Note: These article is for informational purposes only. Please consult your Stephen Jones for legal advice if you are facing issues with the OUI (also known as DUI) law in Massachusetts.
This article was reprinted with permission of TRIAL (March 1993)
Copyright the Association of Trial Lawyers of America
Myth Number 5: Drunk-driving cases are just like any other criminal case.
Nothing could be farther from the truth. In many areas, the courts handle these cases differently from other offenses. Here are two examples that make the point.

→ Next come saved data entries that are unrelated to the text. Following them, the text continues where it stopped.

(** Everything reduces to finite computations.  The field [F] is coded by
   [{0, 1, 2, 3}] through [0, 1, alpha, alpha ^+ 2]; its addition and
   multiplication tables follow from [alpha ^+ 3 = 1], [alpha ^+ 2 = alpha + 1]
   and characteristic 2.  Vectors of [F^n] are coded by words of length [n], so
   the hermitian form, [Phi] and the relations [R_l] become computable on the 9
   (resp. 27) isotropic words, and the scheme axioms, with their intersection
   numbers [p_ab^k], are checked by evaluation.
   For the character table, [E_i = c^-1 \sum_a Q_ai A_a] where [Q] is an integer
   multiple of the second eigenmatrix.  Since [A_a A_b = \sum_k p_ab^k A_k], the
   relations [E_i E_j = [i == j] E_i], [\sum_i E_i = I], [E_0 = J / |Phi|] and
   [A_j = \sum_i P_ij E_i] reduce to integer identities between [P], [Q] and the
   [p_ab^k], again checked by evaluation; the multiplicities follow from
   [rank E_i = tr E_i] for the idempotents [E_i]. *)

From mathcomp Require Import all_boot all_order all_algebra all_field.
From mathcomp Require Import ring.
Set Implicit Arguments. Unset Strict Implicit. Unset Printing Implicit Defensive.
Import Order.TTheory GRing.Theory Num.Theory.
Local Open Scope ring_scope.

(* Computational definitions use [nat] numerals explicitly ([%N]): in [ring_scope]
   numerals at type [nat] elaborate to generic ring operations, which makes
   [vm_compute] an order of magnitude slower. *)
Definition f4add (a b : nat) : nat :=
  (nth 0 (nth [::] [:: [:: 0; 1; 2; 3]; [:: 1; 0; 3; 2]; [:: 2; 3; 0; 1]; [:: 3; 2; 1; 0]] a) b)%N.
Definition f4mul (a b : nat) : nat :=
  (nth 0 (nth [::] [:: [:: 0; 0; 0; 0]; [:: 0; 1; 2; 3]; [:: 0; 2; 3; 1]; [:: 0; 3; 1; 2]] a) b)%N.

Lemma f4add_lt a b : (a < 4)%N -> (b < 4)%N -> (f4add a b < 4)%N.
Proof. by case: a => [|[|[|[|]]]] //; case: b => [|[|[|[|]]]]. Qed.

Lemma f4mul_lt a b : (a < 4)%N -> (b < 4)%N -> (f4mul a b < 4)%N.
Proof. by case: a => [|[|[|[|]]]] //; case: b => [|[|[|[|]]]]. Qed.

Section FieldOfFour.
Variables (F : finFieldType) (alpha : F).
Hypotheses (cardF : #|F| = 4%N) (alpha_prim : 3.-primitive_root alpha).

Lemma pchar2_F4 : 2 \in [pchar F].
Proof. exact: (@card_finPcharP F 2 2 cardF). Qed.

Lemma alpha3 : alpha ^+ 3 = 1.
Proof. exact: prim_expr_order alpha_prim. Qed.

Lemma sqr_alpha : alpha ^+ 2 = alpha + 1.
Proof.
have alpha_neq1 : alpha - 1 != 0.
  by rewrite subr_eq0 -[alpha]expr1 -(expr0 alpha) (eq_prim_root_expr alpha_prim).
have : (alpha - 1) * (alpha ^+ 2 + alpha + 1) = 0 by ring: alpha3.
move/eqP; rewrite mulf_eq0 (negPf alpha_neq1) /= -addrA addr_eq0 => /eqP ->.
exact: (@oppr_pchar2 _ pchar2_F4).
Qed.

Definition f4val (a : nat) : F := nth 0 [:: 0; 1; alpha; alpha ^+ 2] a.

Lemma f4val_add a b : (a < 4)%N -> (b < 4)%N -> f4val (f4add a b) = f4val a + f4val b.
Proof.
have two0 : (2 : F) = 0 by exact: pcharf0 pchar2_F4.
case: a => [|[|[|[|]]]] //; case: b => [|[|[|[|]]]] // _ _.
all: by rewrite /f4val /=; ring: two0 sqr_alpha.
Qed.

Lemma f4val_mul a b : (a < 4)%N -> (b < 4)%N -> f4val (f4mul a b) = f4val a * f4val b.
Proof.
case: a => [|[|[|[|]]]] //; case: b => [|[|[|[|]]]] // _ _.
all: by rewrite /f4val /=; ring: alpha3.
Qed.

Lemma uniq_F4 : uniq [:: 0; 1; alpha; alpha ^+ 2].
Proof.
change (uniq (0 :: [seq alpha ^+ k | k <- iota 0 3])).
rewrite cons_uniq map_inj_in_uniq ?iota_uniq ?andbT.
  apply/mapP => -[k _ /esym/eqP].
  by rewrite expf_eq0 (prim_root_eq0 alpha_prim) andbF.
move=> k l; rewrite !mem_iota => /andP[_ k_lt] /andP[_ l_lt] /eqP.
by rewrite (eq_prim_root_expr alpha_prim) !modn_small // => /eqP.
Qed.

Lemma mem_F4 x : x \in [:: 0; 1; alpha; alpha ^+ 2].
Proof.
have [-> | x_neq0] := eqVneq x 0; first by rewrite inE eqxx.
have : x ^+ 3 = 1.
  by apply: (mulIf x_neq0); rewrite mul1r -exprSr -{2}(expf_card x) cardF.
case/(prim_rootP alpha_prim) => -[[|[|[|]]] //= _] ->;
by rewrite !inE ?expr0 ?expr1 eqxx ?orbT.
Qed.

Definition f4code (x : F) : nat := index x [:: 0; 1; alpha; alpha ^+ 2].

Lemma f4code_lt x : (f4code x < 4)%N.
Proof. by rewrite /f4code index_mem mem_F4. Qed.

Lemma f4codeK x : f4val (f4code x) = x.
Proof. by rewrite /f4val nth_index ?mem_F4. Qed.

Lemma f4val_eq a b : (a < 4)%N -> (b < 4)%N -> (f4val a == f4val b) = (a == b).
Proof. by move=> a_lt b_lt; rewrite nth_uniq ?uniq_F4. Qed.

Lemma f4val_inj a b : (a < 4)%N -> (b < 4)%N -> f4val a = f4val b -> a = b.
Proof. by move=> a_lt b_lt /eqP; rewrite f4val_eq // => /eqP. Qed.
(* Let $A$ be a $\mathbb{C}$-algebra, $Q$ a tropical field, and $X\subset A$ a generating set with presentation $0\to I\to\mathbb{C}[X]\to A\to0$ ($x\mapsto x$). Then the map $\pi_X:\mathbb{V}_Q(A)\to Q^X$, $v\mapsto(v(x))_{x\in X}$, takes values in the tropical variety $\operatorname{tr}_Q(I)$. Moreover the maps $\pi_X$ induce a bijection $\mathbb{V}_Q(A)\cong\varprojlim_{X}\operatorname{tr}_Q(I_X)$, the inverse limit over generating sets $X\subset A$ (ordered by inclusion, with coordinate projections as transition maps).
   Context: A tropical field $Q$ is a totally ordered abelian group (operation written $+$, tropical product $\otimes=+$, tropical sum $\oplus=\max$) with an adjoined least element $-\infty$. A valuation $v:A\to Q$ satisfies $v(ab)=v(a)+v(b)$, $v(a+b)\le\max(v(a),v(b))$, $v(0)=-\infty$, $v(c)=0$ for $c\in\mathbb{C}^\times$; $\mathbb{V}_Q(A)$ denotes the set of these. For $f=\sum_i C_i\vec x^{\vec m_i}\in\mathbb{C}[X]$ with $C_i\ne0$ (coefficients given the trivial valuation), its tropicalization is $T(f)(\vec q)=\max_i\langle\vec m_i,\vec q\rangle$, and $\operatorname{tr}(T(f))\subset Q^X$ is the set of $\vec q$ where this maximum is attained by at least two monomials; $\operatorname{tr}_Q(I)=\bigcap_{f\in I}\operatorname{tr}(T(f))$. *)

From HB Require Import structures.
From mathcomp Require Import all_boot all_order all_algebra.
Set Implicit Arguments. Unset Strict Implicit. Unset Printing Implicit Defensive.
Import GRing.Theory.
Local Open Scope ring_scope.

Definition ordered_group (Q : zmodType) (leQ : rel Q) : Prop :=
  [/\ reflexive leQ, antisymmetric leQ, transitive leQ, total leQ &
      forall x y z : Q, leQ x y -> leQ (x + z) (y + z)].

(* The tropical field Q ∪ {-oo}: [None] is -oo, [Some a] is a ∈ Q. *)
Section Trop.
Variables (Q : zmodType) (leQ : rel Q).

Definition tle (a b : option Q) : bool :=
  match a, b with
  | None, _ => true
  | Some _, None => false
  | Some x, Some y => leQ x y
  end.

Definition tmax (a b : option Q) : option Q := if tle a b then b else a.

Definition tmul (a b : option Q) : option Q :=
  match a, b with
  | Some x, Some y => Some (x + y)
  | _, _ => None
  end.

Definition tpow (a : option Q) (n : nat) : option Q :=
  match a with
  | Some x => Some (x *+ n)
  | None => if n == 0%N then Some 0 else None
  end.

Definition tmono (n : nat) (e : 'I_n -> nat) (q : 'I_n -> option Q) : option Q :=
  \big[tmul/Some 0]_(i < n) tpow (q i) (e i).

Definition tpoly (n k : nat) (e : 'I_k -> 'I_n -> nat) (q : 'I_n -> option Q)
  : option Q := \big[tmax/None]_(j < k) tmono (e j) q.

Definition in_trop_hyp (n k : nat) (e : 'I_k -> 'I_n -> nat) (q : 'I_n -> option Q)
  : Prop :=
  tpoly e q = None \/
  exists j1 j2 : 'I_k, j1 != j2 /\
     tmono (e j1) q = tpoly e q /\ tmono (e j2) q = tpoly e q.
End Trop.

Section Alg.
Variables (K : fieldType) (A : comAlgType K).

(* The polynomial sum_j c_j x^{e_j} evaluated in A, where x : 'I_n -> A lists
   the variables occurring in it. *)
Definition peval (n k : nat) (x : 'I_n -> A) (c : 'I_k -> K)
  (e : 'I_k -> 'I_n -> nat) : A :=
  \sum_(j < k) c j *: \prod_(i < n) x i ^+ e j i.

Definition generating (X : A -> Prop) : Prop :=
  forall a : A, exists (n k : nat) (x : 'I_n -> A) (c : 'I_k -> K)
    (e : 'I_k -> 'I_n -> nat), (forall i, X (x i)) /\ a = peval x c e.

First, consider the normal prosecution where the state proposes to use physical evidence as part of its case-in-chief. For example, suppose John Doe is charged with murder, having allegedly shot Tom Jones. The prosecution will normally order ballistics tests, take blood spatter patterns and fingerprints, and collect other physical evidence. That evidence is always subject to independent analysis by the defense attorney representing the accused.
This is not true in drunk-driving cases, where breath tests usually are not required to be preserved. Very few states require police officers taking a breath sample to capture some of the breath so it can be analyzed independently at a later date. Yet, all modern breath-analysis machines can provide sealed samples at a minimal cost. The U.S. Supreme Court has said that it is perfectly acceptable that such critical evidence is destroyed, even where the state could have preserved it for less than $1 per sample.